NAME
pnmnlfilt - non-linear filters: smooth, alpha trim mean, optimal estimation smoothing, edge enhancement.
SYNOPSIS
pnmnlfilt alpha radius [pnmfile]
DESCRIPTION
This program is part of Netpbm(1).
pnmnlfilt produces an output image where the pixels are a summary of multiple pixels near the corresponding location in an input image.
This program works on multi-image streams.
This is something of a swiss army knife filter. It has 3 distinct operating modes. In all of the modes pnmnlfilt examines each pixel in the image and processes it according to the values of it and its surrounding pixels. Rather than using a square block of surrounding pixels (e.g. the subject pixel and its 8 immediate neighbors, in a 3x3 square), pnmnlfilt uses 7 hexagonal areas. You choose the size of the hexagons with the radius parameter. A radius value of 1/3 means that the 7 hexagons essentially fit into the subject pixel (ie. there will be no filtering effect). A radius value of 1.0 means that the 7 hexagons essentially cover the 3x3 immediate neighbor square.

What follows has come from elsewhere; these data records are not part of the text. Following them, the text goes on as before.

Lemma mulmv_vsub m (A : mat m n) x y : mulmv A (vsub x y) = vsub (mulmv A x) (mulmv A y).
Proof.
apply: functional_extensionality => i; rewrite /mulmv /vsub !rsumE.
have -> : forall u v, u - v = u + -1 * v by move=> u v; ring.
by rewrite -lsumZ -lsumD; apply: eq_lsum => j; ring.
Qed.

Definition restr (P : pred 'I_n) (h : vec n) : vec n := fun i => if P i then h i else 0.

Lemma restr_vadd (P : pred 'I_n) h : vadd (restr P h) (restr (predC P) h) = h.
Proof.
by apply: functional_extensionality => i; rewrite /vadd /restr /=; case: (P i) => /=; ring.
Qed.

Lemma norm1_restr (P : pred 'I_n) h : norm1 h = norm1 (restr P h) + norm1 (restr (predC P) h).
Proof.
rewrite /norm1 !rsumE -lsumD; apply: eq_lsum => i; rewrite /restr /=.
by case: (P i); rewrite /= Rabs_R0; ring.
Qed.

Lemma norm0_restr (P : pred 'I_n) h : norm0 (restr P h) = count (predI P (nonzero h)) I.
Proof.
rewrite norm0E; apply: eq_count => i; rewrite /restr /nonzero /=.
by case: (P i) => //=; case: Req_EM_T.
Qed.

Lemma norm0_restr_le (P : pred 'I_n) h : (norm0 (restr P h) <= count P I)%N.
Proof. by rewrite norm0_restr; apply: sub_count => i /andP []. Qed.

Lemma norm0_restr_split (P : pred 'I_n) h :
  norm0 h = (norm0 (restr P h) + norm0 (restr (predC P) h))%N.
Proof.
by rewrite !norm0_restr norm0E (count_predI_split P).
Qed.

Lemma exists_top_coords (h : vec n) K : (K <= n)%N ->
  exists (S : pred 'I_n) (c : R), count S I = K /\ 0 <= c /\
    (forall i, ~~ S i -> Rabs (h i) <= c) /\ (forall j, S j -> c <= Rabs (h j)).
Proof.
elim: K => [|K IH] leKn.
  exists pred0, (norm1 h); rewrite count_pred0.
  by do !split => //; [apply: norm1_nonneg|move=> i _; apply: abs_le_norm1].
have [S [c [cS [c0 [outS inS]]]]] := IH (ltnW leKn).
have /eqP compl_ne : filter (predC S) I != [::].
  have : (0 < count (predC S) I)%N by have := count_predC S I; rewrite size_enum_ord cS; lia.
  by rewrite -has_filter has_count.
have [i0] := exists_argmax (fun i => Rabs (h i)) compl_ne.
rewrite mem_filter /= => /andP [nSi0 _] i0max.
exists (predU S (pred1 i0)), (Rabs (h i0)); do !split.
- by rewrite count_predU1 ?enum_uniq ?mem_enum ?cS.
- exact: Rabs_pos.
- move=> i; rewrite /= negb_or => /andP [nSi _].
  by apply: i0max; rewrite mem_filter /= nSi mem_enum.
- move=> j /orP [Sj|/eqP ->]; last lra.
  by have := outS i0 nSi0; have := inS j Sj; lra.
Qed.
(* For every $z_j\in Z_\theta$ and every $t=0,1,\dots,T-2$, $\bar\omega_t(z_j)\le U^\omega_t(z_j)\le\bar U^\omega_t(\theta)$, where, with $\mu_t(0)=z_j$ and $\mu_t(i)=\max(\mu_t(i-1),S^U_{t+i-1})+\theta$ for $i=1,\dots,T-2-t$, $$U^\omega_t(z_j)=\theta\sum_{i=0}^{T-2-t}\alpha^i\gamma_{t+i}+\theta\sum_{i=0}^{T-2-t}\sum_{n=1}^{T-1-t-i}\alpha^{n+i}\gamma_{t+i+n}\Big[\prod_{m=0}^{n-1}F_{t+i+m}\big(S^U_{t+i}+(m+1)\theta-s_{t+i+m+1}\big)+\prod_{m=0}^{n-1}F_{t+i+m}\big(\max(\mu_t(i),S^U_{t+i})+(m+1)\theta-s_{t+i+m+1}\big)\Big],$$ $$\bar U^\omega_t(\theta)=\theta\sum_{i=0}^{T-2-t}\alpha^i\gamma_{t+i}+2\theta\sum_{i=0}^{T-2-t}\sum_{n=1}^{T-1-t-i}\alpha^{n+i}\gamma_{t+i+n}.$$
   Context: Model. Fix an integer horizon $T\ge 2$, a discount factor $\alpha\in(0,1]$, and for $t=0,\dots,T-1$: unit ordering costs $c_t\in\mathbb R$, a salvage coefficient $c_T\in\mathbb R$, setup costs $K_t\ge 0$, functions $G_t:\mathbb R\to\mathbb R$, and independent nonnegative random demands $D_0,\dots,D_{T-1}$ with right-continuous distribution functions $F_t$ and finite means; all expectations appearing are assumed finite. Put $C_t(y)=(c_t-\alpha c_{t+1})y+G_t(y)+\alpha c_{t+1}E[D_t]$. Standing assumptions: (i) each $C_t$ is convex with $C_t(y)\to+\infty$ as $|y|\to\infty$; (ii) $K_t\ge \alpha K_{t+1}$ for $t=0,\dots,T-2$; (iii) there are constants $\gamma_t\ge 0$ with $|C_t(x)-C_t(y)|\le\gamma_t|x-y|$ for all $x,y$. Grid construction. Fix $\theta>0$, $z_m=m\theta$, $Z_\theta=\{z_m:m\in\mathbb Z\}$, $f_t(n)=F_t(z_{n+1})-F_t(z_n)$ ($n\ge -1$). $C^m_t=\min\{y: C_t(y)=\min_x C_t(x)\}$; with $z_{n_0}<C^m_t\le z_{n_0+1}$, $S^U_t=\min\{z_m\in Z_\theta: z_m\ge C^m_t,\ C_t(z_m)>C_t(z_{n_0})+K_t\}$. $s_{T-1}$ is a point with $s_{T-1}\le C^m_{T-1}$, $C_{T-1}(s_{T-1})=C_{T-1}(C^m_{T-1})+K_{T-1}$; $\bar I_{T-1}=s_{T-1}$. For $t=T-2,\dots,0$: $I_t=\max\{z_m\in Z_\theta: z_m<\min(\bar I_{t+1}-\theta,C^m_t)\}$, $\bar I_t=\max\{z_m\in Z_\theta: z_m\le I_t,\ C_t(z_m)>C_t(I_t)+K_t\}+\theta$. $H_{T-1}=C_{T-1}$, $S_{T-1}=C^m_{T-1}$; $V_t(y)=H_t(S_t)+K_t$ for $y<s_t$, $V_t(y)=H_t(y)$ for $y\ge s_t$. For $t=T-2,\dots,0$: $H_t(y)=C_t(y)+\alpha\sum_{n=-1}^\infty V_{t+1}(y-z_n)f_t(n)$; $S_t=\max\{z_m\in Z_\theta: I_t\le z_m\le S^U_t,\ H_t(z_m)=\min\{H_t(z_n):z_n\in Z_\theta, I_t\le z_n\le S^U_t\}\}$; $s_t=S_t$ if $K_t=0$, else $s_t=\min\{z_m\in Z_\theta:\bar I_t\le z_m\le S_t,\ H_t(z_m)\le H_t(S_t)+K_t\}$. Estimate functions. $\psi_{T-1}(x,y)=\bar\psi_{T-1}(x,y)=\gamma_{T-1}x$; $\varphi_{T-1}(x,y)=\bar\varphi_{T-1}(x,y)=0$ if $y<s_{T-1}$ and $=\gamma_{T-1}x$ if $y\ge s_{T-1}$. For $t=0,\dots,T-2$, with $n$ the integer such that $z_{n-1}\le y-s_{t+1}<z_n$: $\psi_t(x,y)=\gamma_tx$ if $y<s_{t+1}-\theta$, else $\psi_t(x,y)=\gamma_tx+\alpha\sum_{m=-1}^{n-1}\varphi_{t+1}(x,y-z_m)f_t(m)$; $\varphi_t(x,y)=0$ if $y<s_t$, $=\psi_t(y-s_t,y)$ if $y\ge s_t$ and $y-x<s_t$, $=\psi_t(x,y)$ if $y\ge s_t$ and $y-x\ge s_t$. Likewise $\bar\psi_t(x,y)=\gamma_tx$ if $y<s_{t+1}-\theta$, else $\bar\psi_t(x,y)=\gamma_tx+\alpha\sum_{m=-1}^{n-1}\bar\varphi_{t+1}(x,y-z_m)f_t(m)$; $\bar\varphi_t(x,y)=0$ if $y<s_t$, $=\bar\psi_t(y-s_t+\theta,y)$ if $y\ge s_t$ and $y-x<s_t$, $=\bar\psi_t(x,y)$ if $y\ge s_t$ and $y-x\ge s_t$. Error-bound functions. $\omega_{T-1}\equiv\bar\omega_{T-1}\equiv 0$, $\eta_{T-1}=0$. For $t=T-2,\dots,0$: $\omega_t(x)=\psi_t(\theta,x)-\gamma_t\theta+\alpha\sum_{n=-1}^\infty\bar\omega_{t+1}(x-z_n)f_t(n)$; $\eta_t=\bar\psi_t(\theta,S^U_t)+\omega_t(S^U_t)$; $\bar\omega_t(x)=\eta_t$ if $x\le S^U_t$ and $\bar\omega_t(x)=\max(\eta_t,\omega_t(x))$ if $x>S^U_t$. *)

From Stdlib Require Import Reals ZArith List ClassicalEpsilon.
From Coquelicot Require Import Coquelicot.
Open Scope R_scope.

Your choice of "alpha" parameter selects among the three modes.
Alpha
trimmed mean filter (0.0 <= alpha <= 0.5)
The value of the center pixel will be replaced by the mean
of the 7 hexagon values, but the 7 values are sorted by size
and the top and bottom alpha portion of the 7 are excluded
from the mean. This implies that an alpha value of 0.0 gives
the same sort of output as a normal convolution (ie.
averaging or smoothing filter), where radius will determine
the "strength" of the filter. A good value to
start from for subtle filtering is alpha = 0.0, radius =
0.55 For a more blatant effect, try alpha 0.0 and radius
1.0
An alpha value of 0.5 will cause the median value of the 7 hexagons to be used to replace the center pixel value. This sort of filter is good for eliminating "pop" or single pixel noise from an image without spreading the noise out or smudging features on the image. Judicious use of the radius parameter will fine tune the filtering. Intermediate values of alpha give effects somewhere between smoothing and "pop" noise reduction. For subtle filtering try starting with values of alpha = 0.4, radius = 0.6 For a more blatant effect try alpha = 0.5, radius = 1.0
Optimal
estimation smoothing. (1.0 <= alpha <= 2.0)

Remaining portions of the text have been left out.